Return each line of the data below unchanged, please.
'''
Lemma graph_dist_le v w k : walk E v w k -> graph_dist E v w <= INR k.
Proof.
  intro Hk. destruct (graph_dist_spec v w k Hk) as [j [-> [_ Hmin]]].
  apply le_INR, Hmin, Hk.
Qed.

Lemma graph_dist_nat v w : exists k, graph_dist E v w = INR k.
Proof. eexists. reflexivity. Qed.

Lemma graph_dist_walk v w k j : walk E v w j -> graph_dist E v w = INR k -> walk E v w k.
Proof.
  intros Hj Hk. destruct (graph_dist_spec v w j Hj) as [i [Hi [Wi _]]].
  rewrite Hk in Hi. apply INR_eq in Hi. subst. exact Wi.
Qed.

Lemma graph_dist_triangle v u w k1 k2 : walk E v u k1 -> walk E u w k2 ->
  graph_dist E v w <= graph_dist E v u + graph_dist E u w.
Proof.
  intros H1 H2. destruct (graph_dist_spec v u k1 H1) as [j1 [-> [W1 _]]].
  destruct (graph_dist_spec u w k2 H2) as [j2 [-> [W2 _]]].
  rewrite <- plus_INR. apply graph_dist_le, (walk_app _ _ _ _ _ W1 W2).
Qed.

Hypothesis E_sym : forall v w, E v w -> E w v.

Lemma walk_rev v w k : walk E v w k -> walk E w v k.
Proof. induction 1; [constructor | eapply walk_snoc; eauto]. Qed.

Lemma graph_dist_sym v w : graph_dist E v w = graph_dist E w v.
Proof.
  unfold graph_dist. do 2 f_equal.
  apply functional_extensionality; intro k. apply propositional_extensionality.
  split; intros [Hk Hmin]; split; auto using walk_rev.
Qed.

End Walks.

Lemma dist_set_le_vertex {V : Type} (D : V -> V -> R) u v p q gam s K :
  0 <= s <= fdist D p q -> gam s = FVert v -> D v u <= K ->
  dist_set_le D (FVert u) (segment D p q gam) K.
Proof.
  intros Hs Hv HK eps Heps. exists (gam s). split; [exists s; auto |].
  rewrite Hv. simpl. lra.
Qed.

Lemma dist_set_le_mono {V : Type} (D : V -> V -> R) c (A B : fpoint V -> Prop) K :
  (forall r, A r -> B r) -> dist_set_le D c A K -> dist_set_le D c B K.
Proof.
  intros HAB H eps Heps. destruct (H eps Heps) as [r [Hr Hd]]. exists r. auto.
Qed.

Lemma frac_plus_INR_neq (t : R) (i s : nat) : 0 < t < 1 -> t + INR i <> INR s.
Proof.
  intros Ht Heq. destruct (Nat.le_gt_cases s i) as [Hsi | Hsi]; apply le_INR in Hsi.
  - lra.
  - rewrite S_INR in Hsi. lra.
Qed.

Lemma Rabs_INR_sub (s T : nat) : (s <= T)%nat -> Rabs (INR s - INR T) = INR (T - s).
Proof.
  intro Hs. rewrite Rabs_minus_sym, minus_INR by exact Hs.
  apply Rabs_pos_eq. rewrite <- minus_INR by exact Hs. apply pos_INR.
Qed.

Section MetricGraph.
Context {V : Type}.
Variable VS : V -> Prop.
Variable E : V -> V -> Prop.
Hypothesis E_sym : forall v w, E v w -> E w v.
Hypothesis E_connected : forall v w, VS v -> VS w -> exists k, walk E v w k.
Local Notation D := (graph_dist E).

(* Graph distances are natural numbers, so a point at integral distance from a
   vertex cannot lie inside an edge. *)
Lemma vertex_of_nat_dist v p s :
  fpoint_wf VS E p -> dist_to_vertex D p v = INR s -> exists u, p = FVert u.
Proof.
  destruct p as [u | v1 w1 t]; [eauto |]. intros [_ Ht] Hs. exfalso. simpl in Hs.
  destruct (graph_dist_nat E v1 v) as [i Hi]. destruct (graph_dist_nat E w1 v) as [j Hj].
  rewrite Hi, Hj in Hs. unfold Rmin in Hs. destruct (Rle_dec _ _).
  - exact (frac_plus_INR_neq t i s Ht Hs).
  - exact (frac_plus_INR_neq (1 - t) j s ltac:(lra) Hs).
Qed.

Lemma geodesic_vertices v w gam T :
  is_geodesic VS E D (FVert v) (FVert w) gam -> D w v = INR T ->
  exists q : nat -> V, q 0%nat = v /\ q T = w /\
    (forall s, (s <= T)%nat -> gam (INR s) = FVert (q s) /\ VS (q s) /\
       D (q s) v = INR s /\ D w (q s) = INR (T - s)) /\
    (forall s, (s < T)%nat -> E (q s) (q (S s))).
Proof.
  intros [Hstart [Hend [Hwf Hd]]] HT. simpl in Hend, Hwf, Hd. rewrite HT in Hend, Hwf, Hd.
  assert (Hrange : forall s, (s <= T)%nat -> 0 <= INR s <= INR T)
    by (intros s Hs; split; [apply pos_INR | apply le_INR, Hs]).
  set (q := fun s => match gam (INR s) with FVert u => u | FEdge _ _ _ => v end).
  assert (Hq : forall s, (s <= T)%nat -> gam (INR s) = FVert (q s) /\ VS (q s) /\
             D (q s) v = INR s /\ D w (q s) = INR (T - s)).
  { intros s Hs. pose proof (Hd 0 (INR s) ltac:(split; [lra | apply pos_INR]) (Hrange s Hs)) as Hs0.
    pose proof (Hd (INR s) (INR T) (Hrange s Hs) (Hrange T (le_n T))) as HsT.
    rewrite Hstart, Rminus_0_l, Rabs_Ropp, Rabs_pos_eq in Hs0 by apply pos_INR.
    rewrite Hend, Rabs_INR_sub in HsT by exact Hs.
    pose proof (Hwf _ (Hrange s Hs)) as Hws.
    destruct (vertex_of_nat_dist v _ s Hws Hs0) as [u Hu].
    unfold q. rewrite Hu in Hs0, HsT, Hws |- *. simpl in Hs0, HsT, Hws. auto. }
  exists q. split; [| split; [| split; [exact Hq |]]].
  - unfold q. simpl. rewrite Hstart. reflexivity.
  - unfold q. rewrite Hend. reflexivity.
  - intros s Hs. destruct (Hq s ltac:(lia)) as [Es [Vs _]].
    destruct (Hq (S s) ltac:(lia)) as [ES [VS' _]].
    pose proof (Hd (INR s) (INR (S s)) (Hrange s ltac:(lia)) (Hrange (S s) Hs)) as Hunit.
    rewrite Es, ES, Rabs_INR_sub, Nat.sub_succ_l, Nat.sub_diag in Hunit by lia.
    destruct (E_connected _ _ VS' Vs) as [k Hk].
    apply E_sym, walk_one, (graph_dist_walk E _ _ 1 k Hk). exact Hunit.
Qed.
'''
Task output:
Lemma graph_dist_le v w k : walk E v w k -> graph_dist E v w <= INR k.
Proof.
  intro Hk. destruct (graph_dist_spec v w k Hk) as [j [-> [_ Hmin]]].
  apply le_INR, Hmin, Hk.
Qed.

Lemma graph_dist_nat v w : exists k, graph_dist E v w = INR k.
Proof. eexists. reflexivity. Qed.

Lemma graph_dist_walk v w k j : walk E v w j -> graph_dist E v w = INR k -> walk E v w k.
Proof.
  intros Hj Hk. destruct (graph_dist_spec v w j Hj) as [i [Hi [Wi _]]].
  rewrite Hk in Hi. apply INR_eq in Hi. subst. exact Wi.
Qed.

Lemma graph_dist_triangle v u w k1 k2 : walk E v u k1 -> walk E u w k2 ->
  graph_dist E v w <= graph_dist E v u + graph_dist E u w.
Proof.
  intros H1 H2. destruct (graph_dist_spec v u k1 H1) as [j1 [-> [W1 _]]].
  destruct (graph_dist_spec u w k2 H2) as [j2 [-> [W2 _]]].
  rewrite <- plus_INR. apply graph_dist_le, (walk_app _ _ _ _ _ W1 W2).
Qed.

Hypothesis E_sym : forall v w, E v w -> E w v.

Lemma walk_rev v w k : walk E v w k -> walk E w v k.
Proof. induction 1; [constructor | eapply walk_snoc; eauto]. Qed.

Lemma graph_dist_sym v w : graph_dist E v w = graph_dist E w v.
Proof.
  unfold graph_dist. do 2 f_equal.
  apply functional_extensionality; intro k. apply propositional_extensionality.
  split; intros [Hk Hmin]; split; auto using walk_rev.
Qed.

End Walks.

Lemma dist_set_le_vertex {V : Type} (D : V -> V -> R) u v p q gam s K :
  0 <= s <= fdist D p q -> gam s = FVert v -> D v u <= K ->
  dist_set_le D (FVert u) (segment D p q gam) K.
Proof.
  intros Hs Hv HK eps Heps. exists (gam s). split; [exists s; auto |].
  rewrite Hv. simpl. lra.
Qed.

Lemma dist_set_le_mono {V : Type} (D : V -> V -> R) c (A B : fpoint V -> Prop) K :
  (forall r, A r -> B r) -> dist_set_le D c A K -> dist_set_le D c B K.
Proof.
  intros HAB H eps Heps. destruct (H eps Heps) as [r [Hr Hd]]. exists r. auto.
Qed.

Lemma frac_plus_INR_neq (t : R) (i s : nat) : 0 < t < 1 -> t + INR i <> INR s.
Proof.
  intros Ht Heq. destruct (Nat.le_gt_cases s i) as [Hsi | Hsi]; apply le_INR in Hsi.
  - lra.
  - rewrite S_INR in Hsi. lra.
Qed.

Lemma Rabs_INR_sub (s T : nat) : (s <= T)%nat -> Rabs (INR s - INR T) = INR (T - s).
Proof.
  intro Hs. rewrite Rabs_minus_sym, minus_INR by exact Hs.
  apply Rabs_pos_eq. rewrite <- minus_INR by exact Hs. apply pos_INR.
Qed.

Section MetricGraph.
Context {V : Type}.
Variable VS : V -> Prop.
Variable E : V -> V -> Prop.
Hypothesis E_sym : forall v w, E v w -> E w v.
Hypothesis E_connected : forall v w, VS v -> VS w -> exists k, walk E v w k.
Local Notation D := (graph_dist E).

(* Graph distances are natural numbers, so a point at integral distance from a
   vertex cannot lie inside an edge. *)
Lemma vertex_of_nat_dist v p s :
  fpoint_wf VS E p -> dist_to_vertex D p v = INR s -> exists u, p = FVert u.
Proof.
  destruct p as [u | v1 w1 t]; [eauto |]. intros [_ Ht] Hs. exfalso. simpl in Hs.
  destruct (graph_dist_nat E v1 v) as [i Hi]. destruct (graph_dist_nat E w1 v) as [j Hj].
  rewrite Hi, Hj in Hs. unfold Rmin in Hs. destruct (Rle_dec _ _).
  - exact (frac_plus_INR_neq t i s Ht Hs).
  - exact (frac_plus_INR_neq (1 - t) j s ltac:(lra) Hs).
Qed.

Lemma geodesic_vertices v w gam T :
  is_geodesic VS E D (FVert v) (FVert w) gam -> D w v = INR T ->
  exists q : nat -> V, q 0%nat = v /\ q T = w /\
    (forall s, (s <= T)%nat -> gam (INR s) = FVert (q s) /\ VS (q s) /\
       D (q s) v = INR s /\ D w (q s) = INR (T - s)) /\
    (forall s, (s < T)%nat -> E (q s) (q (S s))).
Proof.
  intros [Hstart [Hend [Hwf Hd]]] HT. simpl in Hend, Hwf, Hd. rewrite HT in Hend, Hwf, Hd.
  assert (Hrange : forall s, (s <= T)%nat -> 0 <= INR s <= INR T)
    by (intros s Hs; split; [apply pos_INR | apply le_INR, Hs]).
  set (q := fun s => match gam (INR s) with FVert u => u | FEdge _ _ _ => v end).
  assert (Hq : forall s, (s <= T)%nat -> gam (INR s) = FVert (q s) /\ VS (q s) /\
             D (q s) v = INR s /\ D w (q s) = INR (T - s)).
  { intros s Hs. pose proof (Hd 0 (INR s) ltac:(split; [lra | apply pos_INR]) (Hrange s Hs)) as Hs0.
    pose proof (Hd (INR s) (INR T) (Hrange s Hs) (Hrange T (le_n T))) as HsT.
    rewrite Hstart, Rminus_0_l, Rabs_Ropp, Rabs_pos_eq in Hs0 by apply pos_INR.
    rewrite Hend, Rabs_INR_sub in HsT by exact Hs.
    pose proof (Hwf _ (Hrange s Hs)) as Hws.
    destruct (vertex_of_nat_dist v _ s Hws Hs0) as [u Hu].
    unfold q. rewrite Hu in Hs0, HsT, Hws |- *. simpl in Hs0, HsT, Hws. auto. }
  exists q. split; [| split; [| split; [exact Hq |]]].
  - unfold q. simpl. rewrite Hstart. reflexivity.
  - unfold q. rewrite Hend. reflexivity.
  - intros s Hs. destruct (Hq s ltac:(lia)) as [Es [Vs _]].
    destruct (Hq (S s) ltac:(lia)) as [ES [VS' _]].
    pose proof (Hd (INR s) (INR (S s)) (Hrange s ltac:(lia)) (Hrange (S s) Hs)) as Hunit.
    rewrite Es, ES, Rabs_INR_sub, Nat.sub_succ_l, Nat.sub_diag in Hunit by lia.
    destruct (E_connected _ _ VS' Vs) as [k Hk].
    apply E_sym, walk_one, (graph_dist_walk E _ _ 1 k Hk). exact Hunit.
Qed.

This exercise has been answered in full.